Stored items from a collection:
- Opening Delimiter -

(* Let $(\eta_\ell)_{\ell\in\mathbb{N}}\subseteq[0,\infty)$ and let $D:\mathbb{N}\to(1,\infty)$ satisfy $\sum_{k=\ell}^{\ell+N}\eta_k^2\le D(N)\eta_\ell^2$ for all $\ell,N\in\mathbb{N}$. Suppose there exists $N_0\in\mathbb{N}$ with $$q_{\log}:=\log(D(N_0))-\sum_{j=1}^{N_0}D(j)^{-1}<0,$$ and suppose $(\eta_\ell)$ is quasi-monotone: there is $C_{\rm mon}>0$ with $\eta_{\ell+k}^2\le C_{\rm mon}\eta_\ell^2$ for all $\ell,k\in\mathbb{N}$. Then, with $q:=\exp(q_{\log}/N_0)<1$ and $C:=C_{\rm mon}\exp(-q_{\log})$, $$\eta_{\ell+k}^2\le C q^k\eta_\ell^2\quad\text{for all }k,\ell\in\mathbb{N}.$$ *)

From Stdlib Require Import Reals.
Open Scope R_scope.

Fixpoint sum_1_to (f : nat -> R) (n : nat) : R :=
  match n with
  | O => 0
  | S m => sum_1_to f m + f (S m)
  end.

Definition qlog (D : nat -> R) (N0 : nat) : R :=
  ln (D N0) - sum_1_to (fun j => / D j) N0.

From Stdlib Require Import Reals Lra Lia.
Open Scope R_scope.

(* Write a_l := eta_l^2 and s(n) := sum_{j=1}^{n} 1/D(j).  Fix l and a window
   length N.  Applying the hypothesis sum_{i<=n} a_{l'+i} <= D(n) a_{l'} at the
   starting point l' = l+j of the window tail of length n = N-j gives
   a_{l+j} + T_{j+1} <= D(n) a_{l+j}, hence T_{j+1} <= (1 - 1/D(n)) T_j
   <= exp(-1/D(n)) T_j for the tails T_j := sum_{i=j}^{N} a_{l+i}.  Starting
   from T_0 <= D(N) a_l and peeling off N terms yields the one-window
   contraction a_{l+N} <= exp(qlog D N) a_l.  Iterating it over m windows of
   length N0 gives a_{l+m N0} <= exp(q_log)^m a_l, and an arbitrary k = m N0 + r
   with r < N0 is handled by quasi-monotonicity, at the price of the constant
   C_mon exp(-q_log), since exp(q_log)^m <= exp(-q_log) exp(q_log/N0)^k. *)

Lemma exp_le_exp x y : x <= y -> exp x <= exp y.
Proof. intros [Hlt | ->]; [left; now apply exp_increasing | lra]. Qed.

Lemma exp_pow x n : exp x ^ n = exp (INR n * x).
Proof.
  induction n as [|n IH]; [simpl; rewrite Rmult_0_l, exp_0; lra |].
  rewrite <- tech_pow_Rmult, IH, <- exp_plus, S_INR. f_equal. ring.
Qed.

Lemma sum_shift_first (a : nat -> R) (l n : nat) :
  sum_f_R0 (fun i => a (l + i)%nat) (S n)
    = a l + sum_f_R0 (fun i => a (S l + i)%nat) n.
Proof.
  rewrite decomp_sum by lia. simpl Init.Nat.pred.
  rewrite Nat.add_0_r. f_equal. apply sum_eq. intros i _. f_equal. lia.
Qed.

(* The elementary contraction: if x + y <= d x for nonnegative x, y, then the
   tail y has lost at least the fraction 1/d of the total mass x + y, and
   1 - 1/d <= exp(-1/d). *)
Lemma tail_contraction (d x y : R) :
  0 < d -> 0 <= x -> 0 <= y -> x + y <= d * x -> y <= exp (- / d) * (x + y).
Proof.
  intros Hd Hx Hy Hxy.
  assert (Hfrac : y <= (1 - / d) * (x + y)).
  { replace ((1 - / d) * (x + y)) with (y + / d * (d * x - (x + y)))
      by (field; lra).
    assert (0 <= / d * (d * x - (x + y)))
      by (apply Rmult_le_pos; [left; now apply Rinv_0_lt_compat | lra]).
    lra. }
  pose proof (exp_ineq1_le (- / d)).
  apply Rle_trans with (1 := Hfrac), Rmult_le_compat_r; lra.
Qed.

(* If the window length is 0, qlog is ln(D 0) > 0; so a negative qlog forces a
   positive window length. *)
Lemma qlog_neg_window_pos (D : nat -> R) (N0 : nat) :
  1 < D 0%nat -> qlog D N0 < 0 -> (0 < N0)%nat.
Proof.
  intros HD0 Hq. destruct N0 as [|N0]; [|lia].
  unfold qlog in Hq. simpl in Hq.
  assert (0 < ln (D 0%nat)) by (rewrite <- ln_1; apply ln_increasing; lra).
  lra.
Qed.

Lemma window_iterate (f : nat -> R) (c : R) (N : nat) :
  0 <= c -> (forall l, f (l + N)%nat <= c * f l) ->
  forall m l, f (l + m * N)%nat <= c ^ m * f l.
Proof.
  intros Hc Hstep m. induction m as [|m IH]; intro l.
  - rewrite Nat.mul_0_l, Nat.add_0_r. simpl. lra.
  - replace (l + S m * N)%nat with (l + m * N + N)%nat by lia.
    apply Rle_trans with (1 := Hstep _).
    rewrite <- tech_pow_Rmult, Rmult_assoc.
    apply Rmult_le_compat_l; [exact Hc | apply IH].
Qed.

Lemma window_exponent (ql : R) (N m k : nat) :
  ql <= 0 -> (0 < N)%nat -> (k < S m * N)%nat ->
  exp ql ^ m <= exp (- ql) * exp (ql / INR N) ^ k.
Proof.
  intros Hql HN Hk.
  rewrite !exp_pow, <- exp_plus. apply exp_le_exp.
  assert (HNR : 0 < INR N) by (apply lt_0_INR; lia).
  assert (HkR : INR k <= (INR m + 1) * INR N).
  { rewrite <- S_INR, <- mult_INR. apply le_INR. lia. }
  assert (Hratio : INR k / INR N <= INR m + 1).
  { apply Rmult_le_reg_r with (INR N); [exact HNR |].
    unfold Rdiv. rewrite Rmult_assoc, Rinv_l by lra. lra. }
  replace (INR k * (ql / INR N)) with (ql * (INR k / INR N)) by (field; lra).
  nra.
Qed.

Section TailSumContraction.

Variables (a D : nat -> R).
Hypothesis D_pos : forall N, 0 < D N.
Hypothesis a_nonneg : forall l, 0 <= a l.
Hypothesis tail_sum : forall l N,
  sum_f_R0 (fun i => a (l + i)%nat) N <= D N * a l.

Let s := sum_1_to (fun j => / D j).

Lemma window_tail_bound (l N : nat) : forall j, (j <= N)%nat ->
  sum_f_R0 (fun i => a (l + j + i)%nat) (N - j)
    <= exp (s (N - j) - s N) * (D N * a l).
Proof.
  induction j as [|j IH]; intro Hj.
  - rewrite Nat.sub_0_r, Nat.add_0_r, Rminus_diag, exp_0, Rmult_1_l.
    apply tail_sum.
  - set (n := (N - S j)%nat).
    assert (En : (N - j)%nat = S n) by (unfold n; lia).
    specialize (IH ltac:(lia)). rewrite En, sum_shift_first in IH.
    pose proof (tail_sum (l + j) (S n)) as Hwin.
    rewrite sum_shift_first in Hwin.
    replace (S (l + j)) with (l + S j)%nat in IH, Hwin by lia.
    assert (Hs : s (S n) - s N = / D (S n) + (s n - s N))
      by (unfold s; simpl; ring).
    rewrite Hs, exp_plus in IH.
    assert (Hcontr := tail_contraction _ _ _ (D_pos (S n)) (a_nonneg (l + j))
      (cond_pos_sum _ _ (fun i => a_nonneg _)) Hwin).
    assert (Hinv : exp (- / D (S n)) * exp (/ D (S n)) = 1)
      by (rewrite <- exp_plus, Rplus_opp_l; apply exp_0).
    apply Rle_trans with (1 := Hcontr).
    apply Rle_trans with
      (exp (- / D (S n)) * (exp (/ D (S n)) * exp (s n - s N) * (D N * a l))).
    + apply Rmult_le_compat_l; [left; apply exp_pos | lra].
    + right. rewrite <- !Rmult_assoc, Hinv. ring.
Qed.

Lemma window_contraction (N l : nat) : a (l + N)%nat <= exp (qlog D N) * a l.
Proof.
  pose proof (window_tail_bound l N N (le_n N)) as H.
  rewrite Nat.sub_diag in H. simpl sum_f_R0 in H. rewrite Nat.add_0_r in H.
  replace (exp (qlog D N) * a l) with (exp (s 0 - s N) * (D N * a l)); [exact H|].
  unfold qlog. fold s.
  replace (ln (D N) - s N) with (ln (D N) + (s 0 - s N)) by (unfold s; simpl; ring).
  rewrite exp_plus, exp_ln by apply D_pos. ring.
Qed.

End TailSumContraction.

Theorem mainTheorem3 (eta : nat -> R) (D : nat -> R) (N0 : nat) (Cmon : R)
  (heta : forall l, 0 <= eta l)
  (hD : forall N, 1 < D N)
  (hsum : forall l N, sum_f_R0 (fun i => (eta (l + i)%nat) ^ 2) N <= D N * (eta l) ^ 2)
  (hq : qlog D N0 < 0)
  (hCmon : 0 < Cmon)
  (hmon : forall l k, (eta (l + k)%nat) ^ 2 <= Cmon * (eta l) ^ 2) :
  forall k l,
    (eta (l + k)%nat) ^ 2
      <= (Cmon * exp (- qlog D N0)) * (exp (qlog D N0 / INR N0)) ^ k * (eta l) ^ 2.
Proof.
  intros k l.
  set (a := fun n => eta n ^ 2).
  assert (HN0 : (0 < N0)%nat) by exact (qlog_neg_window_pos D N0 (hD 0%nat) hq).
  assert (Hwindows : forall m l', a (l' + m * N0)%nat <= exp (qlog D N0) ^ m * a l').
  { apply window_iterate; [left; apply exp_pos |].
    apply window_contraction; [intro N; pose proof (hD N); lra | | exact hsum].
    intro n; apply pow2_ge_0. }
  set (m := (k / N0)%nat).
  assert (Hk : k = (m * N0 + k mod N0)%nat)
    by (unfold m; rewrite (Nat.div_mod k N0) at 1 by lia; lia).
  assert (Hr : (k mod N0 < N0)%nat) by (apply Nat.mod_upper_bound; lia).
  replace (l + k)%nat with (l + m * N0 + k mod N0)%nat by lia.
  apply Rle_trans with (1 := hmon _ _).
  rewrite (Rmult_assoc Cmon), Rmult_assoc. apply Rmult_le_compat_l; [lra |].
  apply Rle_trans with (1 := Hwindows m l).
  apply Rmult_le_compat_r; [apply pow2_ge_0 |].
  apply window_exponent; lra || lia.
Qed.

- Closing Delimiter -

== WORK TO COMPLETE ==
Copy the lines from the start of the data verbatim, stopping after the line containing "starting point l'".

== SOLUTION FOR THIS PROBLEM ==
(* Let $(\eta_\ell)_{\ell\in\mathbb{N}}\subseteq[0,\infty)$ and let $D:\mathbb{N}\to(1,\infty)$ satisfy $\sum_{k=\ell}^{\ell+N}\eta_k^2\le D(N)\eta_\ell^2$ for all $\ell,N\in\mathbb{N}$. Suppose there exists $N_0\in\mathbb{N}$ with $$q_{\log}:=\log(D(N_0))-\sum_{j=1}^{N_0}D(j)^{-1}<0,$$ and suppose $(\eta_\ell)$ is quasi-monotone: there is $C_{\rm mon}>0$ with $\eta_{\ell+k}^2\le C_{\rm mon}\eta_\ell^2$ for all $\ell,k\in\mathbb{N}$. Then, with $q:=\exp(q_{\log}/N_0)<1$ and $C:=C_{\rm mon}\exp(-q_{\log})$, $$\eta_{\ell+k}^2\le C q^k\eta_\ell^2\quad\text{for all }k,\ell\in\mathbb{N}.$$ *)

From Stdlib Require Import Reals.
Open Scope R_scope.

Fixpoint sum_1_to (f : nat -> R) (n : nat) : R :=
  match n with
  | O => 0
  | S m => sum_1_to f m + f (S m)
  end.

Definition qlog (D : nat -> R) (N0 : nat) : R :=
  ln (D N0) - sum_1_to (fun j => / D j) N0.

From Stdlib Require Import Reals Lra Lia.
Open Scope R_scope.

(* Write a_l := eta_l^2 and s(n) := sum_{j=1}^{n} 1/D(j).  Fix l and a window
   length N.  Applying the hypothesis sum_{i<=n} a_{l'+i} <= D(n) a_{l'} at the
   starting point l' = l+j of the window tail of length n = N-j gives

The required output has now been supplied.